Data extract:
(* (a,b) is a possible output of step 2 of Algorithm 2 on the outcome s
   (any admissible choice of j_1..j_t and of a is allowed). *)
Definition alg2_output (R : numFieldType) (sigma : R) (n m p : nat)
  (s : sample n m p) (a : bv n) (b : tdiff n) : bool :=
  [exists t : 'I_n.+1,
    [&& (0 < t)%N,
        [forall t' : 'I_n.+1, (t <= t')%N ==> (1 < 2%:R ^+ t' * (1 - sigma))],
        [forall J : {set 'I_n}, (t < #|J|)%N ==> ~~ nontriv s J] &
        [exists J : {set 'I_n},
          [&& #|J| == t, nontriv s J, a != zerov n,
              a \in \bigcap_(j in J) Aj s j &
              [forall j, if j \in J then
                           (if b j is Some i then a \in Aji s j i else false)
                         else b j == None]]]]].

Definition good_tdiff (R : numFieldType) (sigma qn : R) (n m : nat)
  (F : bv n -> bv m -> bv n) (a : bv n) (b : tdiff n) : bool :=
  [exists K' : {set bv m},
    (1 - qn^-1 < #|K'|%:R / #|{: bv m}|%:R) &&
    [forall k in K',
      1 - sigma < #|[set x : bv n | matches b (xorv (F (xorv x a) k) (F x k))]|%:R
                  / 2%:R ^+ n]].

Definition nruns (R : archiRealFieldType) (q : {poly R}) (sigma : R) (n : nat) : nat :=
  `|Num.ceil (q.[n%:R] ^+ 2 * n%:R ^+ 3 / (2%:R * sigma ^+ 2))|%N.

Definition negligible (R : numFieldType) (eps : nat -> R) : Prop :=
  forall c : nat, exists N : nat, forall n : nat, (N <= n)%N -> eps n < (n%:R ^+ c)^-1.

(* By the Walsh-Parseval identities, a Bernstein-Vazirani run on F_j returns a
   [w] whose truncation satisfies [w . a <> i] with probability exactly the
   fraction of inputs (x, k) with [F_j(x + a, k) + F_j(x, k) <> i].  So if that
   fraction exceeds delta, all p runs agree with (a, i) with probability at most
   (1 - delta)^p, and a union bound over the n 2^n 2 triples (j, a, i) bounds the
   probability that Algorithm 2 predicts such a coordinate.  Otherwise every
   predicted coordinate is wrong on at most a delta fraction of (x, k); when
   n delta <= sigma / (2 q(n)), Markov's inequality over the keys gives the key
   set K'.  With delta = sigma / (2 n q(n)) and p >= q(n)^2 n^3 / (2 sigma^2) we get
   (1 - delta)^p <= 2^-(n (c + 2) + 2), which beats n^-c for large n. *)

From HB Require Import structures.
From mathcomp Require Import all_boot all_order all_algebra.
From mathcomp Require Import ring lra zify polyrcf.
Import Order.TTheory GRing.Theory Num.Theory.
Set Implicit Arguments. Unset Strict Implicit. Unset Printing Implicit Defensive.
Local Open Scope ring_scope.

Section Walsh.
Variables (R : numFieldType) (N : nat).
Implicit Types (f : bv N -> bool) (w x y u v : bv N).

Lemma dotb_xorr w x y : dotb w (xorv x y) = dotb w x (+) dotb w y.
Proof.
rewrite /dotb -big_split /=; apply: eq_bigr => i _; rewrite ffunE.
by case: (w i); case: (x i); case: (y i).
Qed.

Lemma dotb0 w : dotb w (zerov N) = false.
Proof. by rewrite /dotb big1 // => i _; rewrite ffunE andbF. Qed.

Lemma xorv0 x : xorv x (zerov N) = x.
Proof. by apply/ffunP => i; rewrite !ffunE addbF. Qed.

Lemma xorv_eq0 x y u : (xorv (xorv x y) u == zerov N) = (y == xorv x u).
Proof.
apply/eqP/eqP => [/ffunP xyu0|->]; apply/ffunP => i; last first.
  by rewrite !ffunE; case: (x i); case: (u i).
by move: (xyu0 i); rewrite !ffunE; case: (x i); case: (y i); case: (u i).
Qed.

Lemma sum1_bv : \sum_(x : bv N) (1 : R) = 2%:R ^+ N.
Proof. by rewrite sumr_const card_ffun card_bool card_ord natrX. Qed.

Lemma two_expn_gt0 k : 0 < 2%:R ^+ k :> R.
Proof. by rewrite exprn_gt0 // ltr0n. Qed.

Lemma sign_dotb w v : (-1) ^+ dotb w v = \prod_(i < N) ((-1) ^+ (w i && v i) : R).
Proof.
apply: (big_morph (fun b : bool => (-1) ^+ b : R)) => [a b|]; last by rewrite expr0.
by rewrite signr_addb.
Qed.

Lemma sum_sign_dotb v :
  \sum_w ((-1) ^+ dotb w v : R) = if v == zerov N then 2%:R ^+ N else 0.
Proof.
under eq_bigr do rewrite sign_dotb.
rewrite -(bigA_distr_bigA (fun i b => ((-1) ^+ (b && v i) : R))) /=.
have sum_bool i : \sum_(b : bool) ((-1) ^+ (b && v i) : R) = if v i then 0 else 2%:R.
  rewrite /index_enum !unlock /= addr0.
  by case: (v i); rewrite /= ?expr0 ?expr1 ?addNr.
under eq_bigr do rewrite sum_bool.
case: eqP => [->|/eqP v_neq0].
  by rewrite -[X in _ ^+ X]card_ord -prodr_const; apply: eq_bigr => i _; rewrite ffunE.
have [i vi] : exists i, v i.
  apply/existsP; apply: contraNT v_neq0; rewrite negb_exists => /forallP v0.
  by apply/eqP/ffunP => i; rewrite ffunE; move: (v0 i); case: (v i).
by rewrite (bigD1 i) //= vi mul0r.
Qed.

Lemma walsh_autocorr f u :
  \sum_w walsh R f w ^+ 2 * (-1) ^+ dotb w u =
  (2%:R ^+ N)^-1 * \sum_z ((-1) ^+ (f z (+) f (xorv z u)) : R).
Proof.
set c : R := (2%:R ^+ N)^-1.
have expand w : walsh R f w ^+ 2 * (-1) ^+ dotb w u =
   c ^+ 2 * \sum_x \sum_y ((-1) ^+ f x * (-1) ^+ f y : R) *
        (-1) ^+ dotb w (xorv (xorv x y) u).
  rewrite /walsh -/c exprMn -mulrA; congr (_ * _).
  rewrite expr2 !big_distrl /=; apply: eq_bigr => x _.
  rewrite -mulrA mulrC !big_distrl /=; apply: eq_bigr => y _.
  rewrite !dotb_xorr !signr_addb; ring.
have character_sum x : \sum_y \sum_w ((-1) ^+ f x * (-1) ^+ f y : R) *
        (-1) ^+ dotb w (xorv (xorv x y) u) =
     2%:R ^+ N * (-1) ^+ (f x (+) f (xorv x u)).
  rewrite (eq_bigr (fun y => if y == xorv x u then
        (-1) ^+ f x * (-1) ^+ f y * 2%:R ^+ N else 0 : R)); last first.
    move=> y _; rewrite -big_distrr /= sum_sign_dotb xorv_eq0.
    by case: eqP; rewrite ?mulr0.
  by rewrite -big_mkcond big_pred1_eq signr_addb mulrC.
under eq_bigr do rewrite expand.
rewrite -big_distrr /= exchange_big /=.
under eq_bigr do rewrite exchange_big /= character_sum.
rewrite -big_distrr /= mulrA; congr (_ * _).
by rewrite /c expr2 -mulrA mulVf ?mulr1 // gt_eqF ?two_expn_gt0.
Qed.

Lemma parseval f : \sum_w walsh R f w ^+ 2 = 1.
Proof.
have := walsh_autocorr f (zerov N).
under eq_bigr do rewrite dotb0 expr0 mulr1.
move=> ->; under eq_bigr do rewrite xorv0 addbb expr0.
by rewrite sum1_bv mulVf // gt_eqF ?two_expn_gt0.
Qed.

Lemma sum_neq_sign (T : finType) (g : T -> R) (h : T -> bool) (i : bool) :
  \sum_(t | h t != i) g t =
  (\sum_t g t - (-1) ^+ i * \sum_t g t * (-1) ^+ h t) / 2%:R.
Proof.
rewrite big_mkcond mulr_sumr -sumrB mulr_suml; apply: eq_bigr => t _.
have two_neq0 : (2%:R : R) != 0 by rewrite pnatr_eq0.
by case: (h t); case: i; rewrite /= ?expr0 ?expr1; field.
Qed.

Lemma walsh_mass_dotb_neq f u (i : bool) :
  \sum_(w | dotb w u != i) walsh R f w ^+ 2 =
  (2%:R ^+ N)^-1 * \sum_(z | f z (+) f (xorv z u) != i) (1 : R).
Proof.
rewrite !sum_neq_sign parseval walsh_autocorr sum1_bv.
under [X in _ = _ * ((_ - _ * X) / _)]eq_bigr do rewrite mul1r.
rewrite mulrA mulrBr mulVf ?gt_eqF ?two_expn_gt0 //; ring.
Qed.

End Walsh.

Section SampleProbability.
Variables (R : realFieldType) (n m p : nat) (F : bv n -> bv m -> bv n).

Lemma sample_prob_ge0 (s : sample n m p) : 0 <= sample_prob R F s.
Proof. by apply: prodr_ge0 => j _; apply: prodr_ge0 => r _; exact: sqr_ge0. Qed.

Lemma Pr_le_sum (T : finType) (P : pred T) (G : T -> pred (sample n m p))
    (E : pred (sample n m p)) :
  (forall s, E s -> exists2 t, P t & G t s) ->
  Pr R F E <= \sum_(t | P t) Pr R F (G t).
Proof.
move=> cover.
have term_ge0 s t : 0 <= sample_prob R F s * (G t s)%:R.
  by rewrite mulr_ge0 ?ler0n ?sample_prob_ge0.
apply: (@le_trans _ _ (\sum_s \sum_(t | P t) sample_prob R F s * (G t s)%:R)).
  rewrite [X in _ <= X](bigID E) /= -[X in X <= _]addr0.
  apply: lerD; last by apply: sumr_ge0 => s _; exact: sumr_ge0.
  apply: ler_sum => s /cover [t Pt Gts].
  by rewrite (bigD1 t) //= Gts mulr1 lerDl sumr_ge0.
rewrite exchange_big /=; apply: ler_sum => t _.
rewrite [X in _ <= X]big_mkcond /=; apply: ler_sum => s _.
by case: (G t s); rewrite ?mulr1 ?mulr0.
Qed.

Lemma Pr_all_runs (j0 : 'I_n) (G : pred (bv (n + m))) :
  Pr R F (fun s : sample n m p => [forall r, G (s j0 r)]) =
  (\sum_(w | G w) walsh R (Fcomp F j0) w ^+ 2) ^+ p.
Proof.
pose h j w := if (j == j0) && ~~ G w then 0 else walsh R (Fcomp F j) w ^+ 2.
have product_form (s : sample n m p) :
    (if [forall r, G (s j0 r)] then sample_prob R F s else 0) =
    \prod_(j < n) \prod_(r < p) h j (s j r).
  case: ifP => [/forallP Gs|/negbT].
    apply: eq_bigr => j _; apply: eq_bigr => r _.
    by rewrite /h; case: eqP => //= ->; rewrite Gs.
  rewrite negb_forall => /existsP [r Gr].
  by rewrite (bigD1 j0) //= (bigD1 r) //= {1}/h eqxx Gr !mul0r.
have sum_prod (g : 'I_n -> bv (n + m) -> R) :
    \sum_(s : sample n m p) \prod_(j < n) \prod_(r < p) g j (s j r) =
    \prod_(j < n) \prod_(r < p) \sum_w g j w.
  rewrite (eq_bigr (fun j => \sum_(t : {ffun 'I_p -> bv (n + m)}) \prod_(r < p) g j (t r)));
    last by move=> j _; rewrite bigA_distr_bigA.
  by rewrite bigA_distr_bigA.
rewrite /Pr big_mkcond /=; under eq_bigr do rewrite product_form.
rewrite sum_prod (bigD1 j0) //= [X in _ * X]big1 ?mulr1; last first.
  move=> j /negbTE j_neq; rewrite (eq_bigr (fun _ => 1)) ?prodr_const ?expr1n // => r _.
  by rewrite /h j_neq parseval.
rewrite (eq_bigr (fun _ => \sum_(w | G w) walsh R (Fcomp F j0) w ^+ 2)).
  by rewrite prodr_const card_ord.
move=> r _; rewrite [RHS]big_mkcond; apply: eq_bigr => w _.
by rewrite /h eqxx; case: (G w).
Qed.

End SampleProbability.

Section DifferentialMass.
Variables (R : realFieldType) (n m : nat) (F : bv n -> bv m -> bv n).

Definition catv (x : bv n) (k : bv m) : bv (n + m) :=
  [ffun i => match split i with inl i' => x i' | inr i' => k i' end].

Definition padv (a : bv n) : bv (n + m) := catv a (zerov m).

Lemma split_lshift (i : 'I_n) : split (lshift m i) = inl i.
Proof. exact: (unsplitK (inl i)). Qed.

Lemma split_rshift (i : 'I_m) : split (rshift n i) = inr i.
Proof. exact: (unsplitK (inr i)). Qed.

Lemma lpart_catv x k : lpart (catv x k) = x.
Proof. by apply/ffunP => i; rewrite !ffunE split_lshift. Qed.

Lemma rpart_catv x k : rpart (catv x k) = k.
Proof. by apply/ffunP => i; rewrite !ffunE split_rshift. Qed.

Lemma catv_part z : catv (lpart z) (rpart z) = z.
Proof.
apply/ffunP => i; rewrite ffunE -{2}(splitK i).
by case: (split i) => i' /=; rewrite ffunE.
Qed.

Lemma xorv_catv_padv x k a : xorv (catv x k) (padv a) = catv (xorv x a) k.
Proof.
by apply/ffunP => i; rewrite !ffunE; case: (split i) => i'; rewrite !ffunE ?addbF.
Qed.

Lemma dotb_padv w a : dotb w (padv a) = dotb (lpart w) a.
Proof.
rewrite /dotb big_split_ord /= [X in _ (+) X]big1 ?addbF.
  by apply: eq_bigr => i _; rewrite !ffunE split_lshift.
by move=> i _; rewrite !ffunE split_rshift ffunE andbF.
Qed.

Lemma sum_catv (g : bv (n + m) -> R) :
  \sum_z g z = \sum_(x : bv n) \sum_(k : bv m) g (catv x k).
Proof.
rewrite pair_big /= (reindex (fun xk : bv n * bv m => catv xk.1 xk.2)) //.
exists (fun z => (lpart z, rpart z)) => [[x k] _|z _] /=.
  by rewrite lpart_catv rpart_catv.
exact: catv_part.
Qed.

Definition flip_mass (j : 'I_n) (a : bv n) (i : bool) : R :=
  \sum_(w | dotb (lpart w) a != i) walsh R (Fcomp F j) w ^+ 2.

Lemma flip_massE j a i : flip_mass j a i = (2%:R ^+ (n + m))^-1 *
  \sum_(x : bv n) \sum_(k : bv m) ((F (xorv x a) k j (+) F x k j) != i)%:R.
Proof.
rewrite /flip_mass; under eq_bigl do rewrite -dotb_padv.
rewrite walsh_mass_dotb_neq; congr (_ * _).
rewrite big_mkcond sum_catv; apply: eq_bigr => x _; apply: eq_bigr => k _.
rewrite xorv_catv_padv /Fcomp !lpart_catv !rpart_catv addbC.
by case: (_ != _).
Qed.

End DifferentialMass.

Lemma card_ge_mul_le_sum (R : realDomainType) (T : finType) (g : T -> R) (t : R) :
  (forall k, 0 <= g k) -> #|[set k | t <= g k]|%:R * t <= \sum_k g k.
Proof.
move=> g_ge0; rewrite mulr_natl -sumr_const [X in _ <= X](bigID [in [set k | t <= g k]]) /=.
rewrite -[X in X <= _]addr0 lerD ?sumr_ge0 //.
by apply: ler_sum => k; rewrite inE.
Qed.

Definition mispredicts (n : nat) (b : tdiff n) (d : bv n) (j : 'I_n) : bool :=
  if b j is Some v then d j != v else false.

Lemma not_matches_le_sum (R : realDomainType) (n : nat) (b : tdiff n) (d : bv n) :
  ((~~ matches b d)%:R : R) <= \sum_j (mispredicts b d j)%:R.
Proof.
have sum_ge0 : 0 <= \sum_j ((mispredicts b d j)%:R : R) by rewrite sumr_ge0.
case: (boolP (matches b d)) => //=; rewrite negb_forall => /existsP [j bj].
rewrite (bigD1 j) //= -[1%:R]addr0 lerD ?sumr_ge0 //.
by move: bj; rewrite /mispredicts; case: (b j) => // v; rewrite ler_nat => ->.
Qed.

Section GoodTruncatedDifferential.
Variables (R : realFieldType) (n m : nat) (F : bv n -> bv m -> bv n).
Variables (sigma qn delta : R) (a : bv n) (b : tdiff n).
Hypotheses (sigma_gt0 : 0 < sigma) (qn_gt0 : 0 < qn) (delta_ge0 : 0 <= delta).
Hypothesis flip_mass_le : forall j i, b j = Some i -> flip_mass R F j a i <= delta.

Let diff k x := xorv (F (xorv x a) k) (F x k).
Let mismatches k : R := \sum_(x : bv n) (~~ matches b (diff k x))%:R.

Problem to work on: Your answer should be each line of the data that contains the word "Some", copied as it stands.

Your response:
                           (if b j is Some i then a \in Aji s j i else false)
  if b j is Some v then d j != v else false.
Hypothesis flip_mass_le : forall j i, b j = Some i -> flip_mass R F j a i <= delta.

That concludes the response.